=== EXERCISE REQUIREMENTS ===
For the listing that follows, give again exactly the lines from the one with "Lemma interior_eq_symmetric_type (L" to the one with "(* (3) stability and type *)", including both.

=== SUPPLIED DATA ===

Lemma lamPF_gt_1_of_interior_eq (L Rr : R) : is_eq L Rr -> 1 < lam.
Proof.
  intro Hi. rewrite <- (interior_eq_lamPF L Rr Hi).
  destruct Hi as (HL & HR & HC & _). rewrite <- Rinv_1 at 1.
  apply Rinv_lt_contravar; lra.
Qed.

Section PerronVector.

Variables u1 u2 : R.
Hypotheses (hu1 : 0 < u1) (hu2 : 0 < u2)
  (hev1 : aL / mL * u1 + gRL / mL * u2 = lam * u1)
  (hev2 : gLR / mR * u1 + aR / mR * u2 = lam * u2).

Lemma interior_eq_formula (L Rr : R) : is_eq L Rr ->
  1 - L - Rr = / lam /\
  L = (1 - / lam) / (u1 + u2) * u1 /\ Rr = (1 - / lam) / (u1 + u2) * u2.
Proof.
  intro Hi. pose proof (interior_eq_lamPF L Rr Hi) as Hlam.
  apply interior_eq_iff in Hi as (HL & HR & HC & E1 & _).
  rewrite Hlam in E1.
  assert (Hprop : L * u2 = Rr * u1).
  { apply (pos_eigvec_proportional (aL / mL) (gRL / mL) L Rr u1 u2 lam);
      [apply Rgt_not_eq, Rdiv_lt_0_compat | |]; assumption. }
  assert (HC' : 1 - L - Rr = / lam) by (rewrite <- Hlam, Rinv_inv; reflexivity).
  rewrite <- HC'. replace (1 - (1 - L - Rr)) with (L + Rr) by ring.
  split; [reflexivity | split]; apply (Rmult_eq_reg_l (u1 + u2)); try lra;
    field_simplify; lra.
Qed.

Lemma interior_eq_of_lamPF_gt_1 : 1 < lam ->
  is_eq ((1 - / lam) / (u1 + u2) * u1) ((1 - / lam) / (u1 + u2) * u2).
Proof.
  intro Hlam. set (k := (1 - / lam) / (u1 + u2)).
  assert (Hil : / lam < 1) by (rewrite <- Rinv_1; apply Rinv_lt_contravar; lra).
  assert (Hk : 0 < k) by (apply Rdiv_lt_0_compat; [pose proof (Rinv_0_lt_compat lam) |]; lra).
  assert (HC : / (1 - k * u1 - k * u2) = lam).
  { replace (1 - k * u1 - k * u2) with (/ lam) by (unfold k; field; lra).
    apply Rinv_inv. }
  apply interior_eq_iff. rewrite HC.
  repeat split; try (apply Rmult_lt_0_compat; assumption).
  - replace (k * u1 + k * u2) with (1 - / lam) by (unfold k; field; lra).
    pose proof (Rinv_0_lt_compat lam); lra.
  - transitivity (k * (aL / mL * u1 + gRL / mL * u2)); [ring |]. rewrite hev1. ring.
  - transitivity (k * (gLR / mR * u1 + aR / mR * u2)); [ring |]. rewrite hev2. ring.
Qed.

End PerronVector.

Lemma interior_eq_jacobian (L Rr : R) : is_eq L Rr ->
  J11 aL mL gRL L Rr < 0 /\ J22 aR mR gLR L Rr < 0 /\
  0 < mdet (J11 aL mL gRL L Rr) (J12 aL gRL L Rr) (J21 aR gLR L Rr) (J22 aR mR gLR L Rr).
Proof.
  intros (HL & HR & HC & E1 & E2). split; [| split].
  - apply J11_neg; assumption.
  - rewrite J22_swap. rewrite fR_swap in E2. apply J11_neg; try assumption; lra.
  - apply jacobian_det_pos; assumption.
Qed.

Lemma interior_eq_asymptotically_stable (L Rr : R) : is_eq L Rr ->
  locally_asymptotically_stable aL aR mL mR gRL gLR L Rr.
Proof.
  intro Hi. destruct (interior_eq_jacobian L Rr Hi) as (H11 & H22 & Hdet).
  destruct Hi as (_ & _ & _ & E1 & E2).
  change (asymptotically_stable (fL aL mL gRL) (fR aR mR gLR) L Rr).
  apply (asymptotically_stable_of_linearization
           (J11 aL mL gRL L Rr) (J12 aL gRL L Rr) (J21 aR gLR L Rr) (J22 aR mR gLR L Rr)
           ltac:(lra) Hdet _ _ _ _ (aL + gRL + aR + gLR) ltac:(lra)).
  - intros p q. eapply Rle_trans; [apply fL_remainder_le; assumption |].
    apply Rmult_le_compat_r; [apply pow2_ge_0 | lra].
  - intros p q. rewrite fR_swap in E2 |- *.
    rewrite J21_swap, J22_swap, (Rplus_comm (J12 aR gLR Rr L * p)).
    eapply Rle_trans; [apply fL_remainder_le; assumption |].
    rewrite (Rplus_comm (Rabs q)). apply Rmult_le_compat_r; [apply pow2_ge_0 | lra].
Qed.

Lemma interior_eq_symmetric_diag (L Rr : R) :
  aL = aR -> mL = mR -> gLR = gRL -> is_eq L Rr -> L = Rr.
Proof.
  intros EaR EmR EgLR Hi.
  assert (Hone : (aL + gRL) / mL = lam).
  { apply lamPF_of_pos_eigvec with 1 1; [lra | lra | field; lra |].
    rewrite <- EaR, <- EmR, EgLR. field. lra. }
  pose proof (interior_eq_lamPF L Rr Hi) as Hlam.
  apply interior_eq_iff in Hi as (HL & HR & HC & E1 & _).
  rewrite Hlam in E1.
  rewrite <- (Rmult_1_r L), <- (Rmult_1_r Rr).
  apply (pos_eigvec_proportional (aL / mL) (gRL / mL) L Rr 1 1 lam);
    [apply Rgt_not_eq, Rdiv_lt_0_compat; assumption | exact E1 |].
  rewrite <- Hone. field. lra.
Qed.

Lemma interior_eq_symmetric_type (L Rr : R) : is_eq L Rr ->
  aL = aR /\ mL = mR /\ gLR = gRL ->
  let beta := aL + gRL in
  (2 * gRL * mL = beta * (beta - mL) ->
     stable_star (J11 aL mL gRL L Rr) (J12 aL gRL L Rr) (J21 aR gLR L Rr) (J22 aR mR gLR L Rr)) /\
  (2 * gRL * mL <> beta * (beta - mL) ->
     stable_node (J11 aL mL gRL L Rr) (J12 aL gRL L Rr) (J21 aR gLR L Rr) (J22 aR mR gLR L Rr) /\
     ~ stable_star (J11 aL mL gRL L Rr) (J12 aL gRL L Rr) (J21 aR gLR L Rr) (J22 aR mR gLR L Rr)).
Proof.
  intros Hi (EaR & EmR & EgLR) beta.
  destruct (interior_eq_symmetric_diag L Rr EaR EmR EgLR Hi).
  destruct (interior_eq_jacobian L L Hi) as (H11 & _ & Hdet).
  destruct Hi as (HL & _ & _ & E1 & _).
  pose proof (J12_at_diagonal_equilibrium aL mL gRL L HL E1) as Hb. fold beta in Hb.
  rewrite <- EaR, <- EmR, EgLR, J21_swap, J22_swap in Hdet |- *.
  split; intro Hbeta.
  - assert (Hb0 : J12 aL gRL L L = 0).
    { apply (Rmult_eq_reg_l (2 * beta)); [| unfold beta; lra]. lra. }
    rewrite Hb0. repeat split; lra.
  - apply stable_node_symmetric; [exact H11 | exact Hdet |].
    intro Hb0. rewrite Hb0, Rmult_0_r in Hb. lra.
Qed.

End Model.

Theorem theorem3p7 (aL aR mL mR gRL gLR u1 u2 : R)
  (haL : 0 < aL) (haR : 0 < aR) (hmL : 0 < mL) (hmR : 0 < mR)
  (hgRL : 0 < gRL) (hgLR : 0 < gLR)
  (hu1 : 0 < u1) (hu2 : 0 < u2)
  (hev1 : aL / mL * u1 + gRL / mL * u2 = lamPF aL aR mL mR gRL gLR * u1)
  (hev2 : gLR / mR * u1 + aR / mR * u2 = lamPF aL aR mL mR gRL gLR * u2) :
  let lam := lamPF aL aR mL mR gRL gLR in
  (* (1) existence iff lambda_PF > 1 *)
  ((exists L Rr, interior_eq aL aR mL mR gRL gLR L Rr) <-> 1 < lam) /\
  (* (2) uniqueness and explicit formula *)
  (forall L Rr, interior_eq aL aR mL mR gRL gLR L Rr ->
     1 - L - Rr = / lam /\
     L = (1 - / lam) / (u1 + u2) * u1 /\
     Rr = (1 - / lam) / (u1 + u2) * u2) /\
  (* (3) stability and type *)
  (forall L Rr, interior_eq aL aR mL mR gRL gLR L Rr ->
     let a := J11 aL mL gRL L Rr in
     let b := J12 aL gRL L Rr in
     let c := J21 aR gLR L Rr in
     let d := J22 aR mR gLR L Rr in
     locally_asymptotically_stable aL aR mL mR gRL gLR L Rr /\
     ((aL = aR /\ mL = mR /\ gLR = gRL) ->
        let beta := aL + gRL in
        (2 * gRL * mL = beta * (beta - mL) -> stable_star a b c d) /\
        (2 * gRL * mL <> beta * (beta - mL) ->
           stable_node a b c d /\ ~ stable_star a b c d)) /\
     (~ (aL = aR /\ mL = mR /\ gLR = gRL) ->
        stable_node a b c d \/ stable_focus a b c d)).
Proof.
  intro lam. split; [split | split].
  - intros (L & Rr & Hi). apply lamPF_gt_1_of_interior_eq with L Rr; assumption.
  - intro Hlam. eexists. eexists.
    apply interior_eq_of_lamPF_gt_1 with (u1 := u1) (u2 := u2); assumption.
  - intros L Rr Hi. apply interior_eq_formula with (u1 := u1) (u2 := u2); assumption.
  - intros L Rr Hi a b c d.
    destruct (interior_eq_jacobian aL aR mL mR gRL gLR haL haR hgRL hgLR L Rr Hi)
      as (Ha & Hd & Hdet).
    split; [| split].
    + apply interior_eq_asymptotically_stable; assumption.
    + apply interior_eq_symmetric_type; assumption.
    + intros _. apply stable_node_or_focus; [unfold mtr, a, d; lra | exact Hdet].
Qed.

=== SOLUTION FOR THIS TASK ===
Lemma interior_eq_symmetric_type (L Rr : R) : is_eq L Rr ->
  aL = aR /\ mL = mR /\ gLR = gRL ->
  let beta := aL + gRL in
  (2 * gRL * mL = beta * (beta - mL) ->
     stable_star (J11 aL mL gRL L Rr) (J12 aL gRL L Rr) (J21 aR gLR L Rr) (J22 aR mR gLR L Rr)) /\
  (2 * gRL * mL <> beta * (beta - mL) ->
     stable_node (J11 aL mL gRL L Rr) (J12 aL gRL L Rr) (J21 aR gLR L Rr) (J22 aR mR gLR L Rr) /\
     ~ stable_star (J11 aL mL gRL L Rr) (J12 aL gRL L Rr) (J21 aR gLR L Rr) (J22 aR mR gLR L Rr)).
Proof.
  intros Hi (EaR & EmR & EgLR) beta.
  destruct (interior_eq_symmetric_diag L Rr EaR EmR EgLR Hi).
  destruct (interior_eq_jacobian L L Hi) as (H11 & _ & Hdet).
  destruct Hi as (HL & _ & _ & E1 & _).
  pose proof (J12_at_diagonal_equilibrium aL mL gRL L HL E1) as Hb. fold beta in Hb.
  rewrite <- EaR, <- EmR, EgLR, J21_swap, J22_swap in Hdet |- *.
  split; intro Hbeta.
  - assert (Hb0 : J12 aL gRL L L = 0).
    { apply (Rmult_eq_reg_l (2 * beta)); [| unfold beta; lra]. lra. }
    rewrite Hb0. repeat split; lra.
  - apply stable_node_symmetric; [exact H11 | exact Hdet |].
    intro Hb0. rewrite Hb0, Rmult_0_r in Hb. lra.
Qed.

End Model.

Theorem theorem3p7 (aL aR mL mR gRL gLR u1 u2 : R)
  (haL : 0 < aL) (haR : 0 < aR) (hmL : 0 < mL) (hmR : 0 < mR)
  (hgRL : 0 < gRL) (hgLR : 0 < gLR)
  (hu1 : 0 < u1) (hu2 : 0 < u2)
  (hev1 : aL / mL * u1 + gRL / mL * u2 = lamPF aL aR mL mR gRL gLR * u1)
  (hev2 : gLR / mR * u1 + aR / mR * u2 = lamPF aL aR mL mR gRL gLR * u2) :
  let lam := lamPF aL aR mL mR gRL gLR in
  (* (1) existence iff lambda_PF > 1 *)
  ((exists L Rr, interior_eq aL aR mL mR gRL gLR L Rr) <-> 1 < lam) /\
  (* (2) uniqueness and explicit formula *)
  (forall L Rr, interior_eq aL aR mL mR gRL gLR L Rr ->
     1 - L - Rr = / lam /\
     L = (1 - / lam) / (u1 + u2) * u1 /\
     Rr = (1 - / lam) / (u1 + u2) * u2) /\
  (* (3) stability and type *)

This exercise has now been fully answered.